Petersburg Volunteer Fire Department spokesman David Berg said local volunteers responded to meet the Coast Guard Sunday.

“These two had been out in this lodge’s boat and were fishing,” Berg said. “The boat capsized. They spent a couple hours in the water. Fortunately they were well dressed for weather with rain gear and not a lot other emergency equipment available with them. A lot of that went down with the boat. But they were able to get a small buoy and swim to shore and spent the evening, all night on the beach.”

Berg said the two used that buoy to get the attention of rescuers. They were not transported to the local medical center but returned to the lodge.

KFSK reached out to Island Point Lodge to try to contact the boaters, but the lodge declined to comment.

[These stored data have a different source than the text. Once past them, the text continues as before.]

Lemma theta_step_good : good_sys T (thetaLO T B H) (nio T B H) (nL T B H).
Proof.
  split; [exact theta_step_L|].
  intros s t. remember (Lt s + Lt t) as n eqn:En. revert s t En.
  induction n as [n IH] using lt_wf_ind. intros s t En.
  change (olt s t) with (vrel T (gX T B) (gio T B) (gL T B) s t).
  rewrite (vrel_unfold T _ _ _ L_io), (vrel_unfold T _ _ _ theta_step_L).
  unfold nio; rewrite <- !(emb_spec (Tmap T (ioemb T B H))).
  split; intros [[A Hsupp]|[A [y [Hy C]]]]; [left|right|left|right]; split; auto.
  - intros v Hv. apply (supp_nat T) in Hv. destruct Hv as [x [Hx <-]].
    pose proof (Ltheta_supp T _ _ _ L_io x s Hx).
    apply (IH (Lt (gio T B x) + Lt t) ltac:(lia) _ t eq_refl), Hsupp, Hx.
  - exists (gio T B y). split; [apply (supp_nat T); exists y; auto|].
    destruct C as [<-|C]; [left; reflexivity|right].
    pose proof (Ltheta_supp T _ _ _ L_io y t Hy).
    apply (IH (Lt s + Lt (gio T B y)) ltac:(lia) s _ eq_refl), C.
  - intros x Hx. pose proof (Ltheta_supp T _ _ _ L_io x s Hx).
    apply (IH (Lt (gio T B x) + Lt t) ltac:(lia) _ t eq_refl), Hsupp.
    apply (supp_nat T); exists x; auto.
  - apply (supp_nat T) in Hy. destruct Hy as [x [Hx <-]].
    exists x; split; [exact Hx|].
    destruct C as [C|C]; [left; exact (emb_inj _ _ (Tmap T (ioemb T B H)) _ _ C)|right].
    pose proof (Ltheta_supp T _ _ _ L_io x t Hx).
    apply (IH (Lt s + Lt (gio T B x)) ltac:(lia) s _ eq_refl), C.
Qed.

End ThetaStep.

Lemma conn_emb (T : PraeDilator) (B : GBH T) (x y : gX T B) :
  olt x y <-> olt (conn T B x) (conn T B y).
Proof.
  unfold conn, step, conn1, step1.
  destruct (excluded_middle_informative (strict_linear (vrelS T B))) as [H|H]; [|reflexivity].
  unfold conn2, step2. destruct (excluded_middle_informative _); [|reflexivity].
  apply (gs_emb _ _ _ _ (ggood T B)).
Qed.

Definition cemb (T : PraeDilator) (B : GBH T) : emb (gX T B) (gX T (step T B)) :=
  mkEmb _ _ (conn T B) (conn_emb T B).

(* [step] is the passage to theta_T(X), identified via [phi]: its fallback branches never fire.
   The embedding [c] is abstracted because [cemb] mentions [conn_emb], whose proof blocks the
   case analysis on [step]. *)
Lemma step_spec (T : PraeDilator) (B : GBH T) (c : emb (gX T B) (gX T (step T B))) :
  (forall x, c x = conn T B x) ->
  exists phi : T (gX T B) -> gX T (step T B),
    (forall x, conn T B x = phi (gio T B x)) /\
    (forall s t, vrelS T B s t <-> olt (phi s) (phi t)) /\
    (forall s, gio T (step T B) (phi s) = Tmap T c s).
Proof.
  pose proof (vrel_linear T _ _ _ (gs_L _ _ _ _ (ggood T B))) as Hlin.
  revert c. unfold conn, step, conn1, step1.
  destruct (excluded_middle_informative (strict_linear (vrelS T B))) as [H|H];
    [|contradiction].
  unfold conn2, step2. destruct (excluded_middle_informative _) as [G|G];
    [|destruct (G (theta_step_good T B H))].
  intros c Hc. exists (fun s => s). split; [|split]; [reflexivity|reflexivity|].
  intros s. replace c with (ioemb T B H) by (apply emb_eq; intros x; symmetry; apply Hc).
  reflexivity.
Qed.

Island Point is one of the sport fishing lodges on the Wrangell Narrows south of Petersburg, and guests use the lodge’s skiffs for halibut and salmon fishing in the area.

Bar service returns to 2 Alaska ferries

Passengers watch the scenery go by on the ferry Matanuska's forward deck during a May 3, 2017, sailing from Juneau to Haines. (Photo by Aaron Bolton/KSTK)
Passengers watch the scenery go by on the ferry Matanuska’s forward deck during a May 3, 2017, sailing from Juneau to Haines. (Photo by Aaron Bolton/KSTK)

The Alaska Marine Highway System has reopened bars on two state ferries. The ferry system eliminated bar service in 2015 as a cost saving measure.

The state ferry system started serving beer and wine again on two ships, the Matanuska and Kennicott, in late May and early June.

Alaska Department of Transportation spokesman Sam Dapcevich said existing personnel were able to open the bars on those two ships for limited hours.

“We’re serving like Alaskan Brewing Company beer in bottles and cans,” Dapcevich said. “We have some wines, seltzers. We’re also serving like popcorn, chips and pretzels, and we’re working towards offering pre-packaged mixed drinks. And so far the response has been very positive.”

Dapcevich said this year ferry managers were looking for ways to improve the travel experience.

“I think the consensus from our AMHS team was, yeah, if we can do it, let’s do it,” he said. “As you know, we’re already dealing with staffing shortages, so we wanted to see how we could do it without having to hire specific bar tenders.”

The Matanuska offers service between Bellingham, Washington, Prince Rupert, British Columbia and Southeast Alaska this summer. The Kennicott has sailings from Bellingham to Kodiak. The service could expand to other ships operating this year.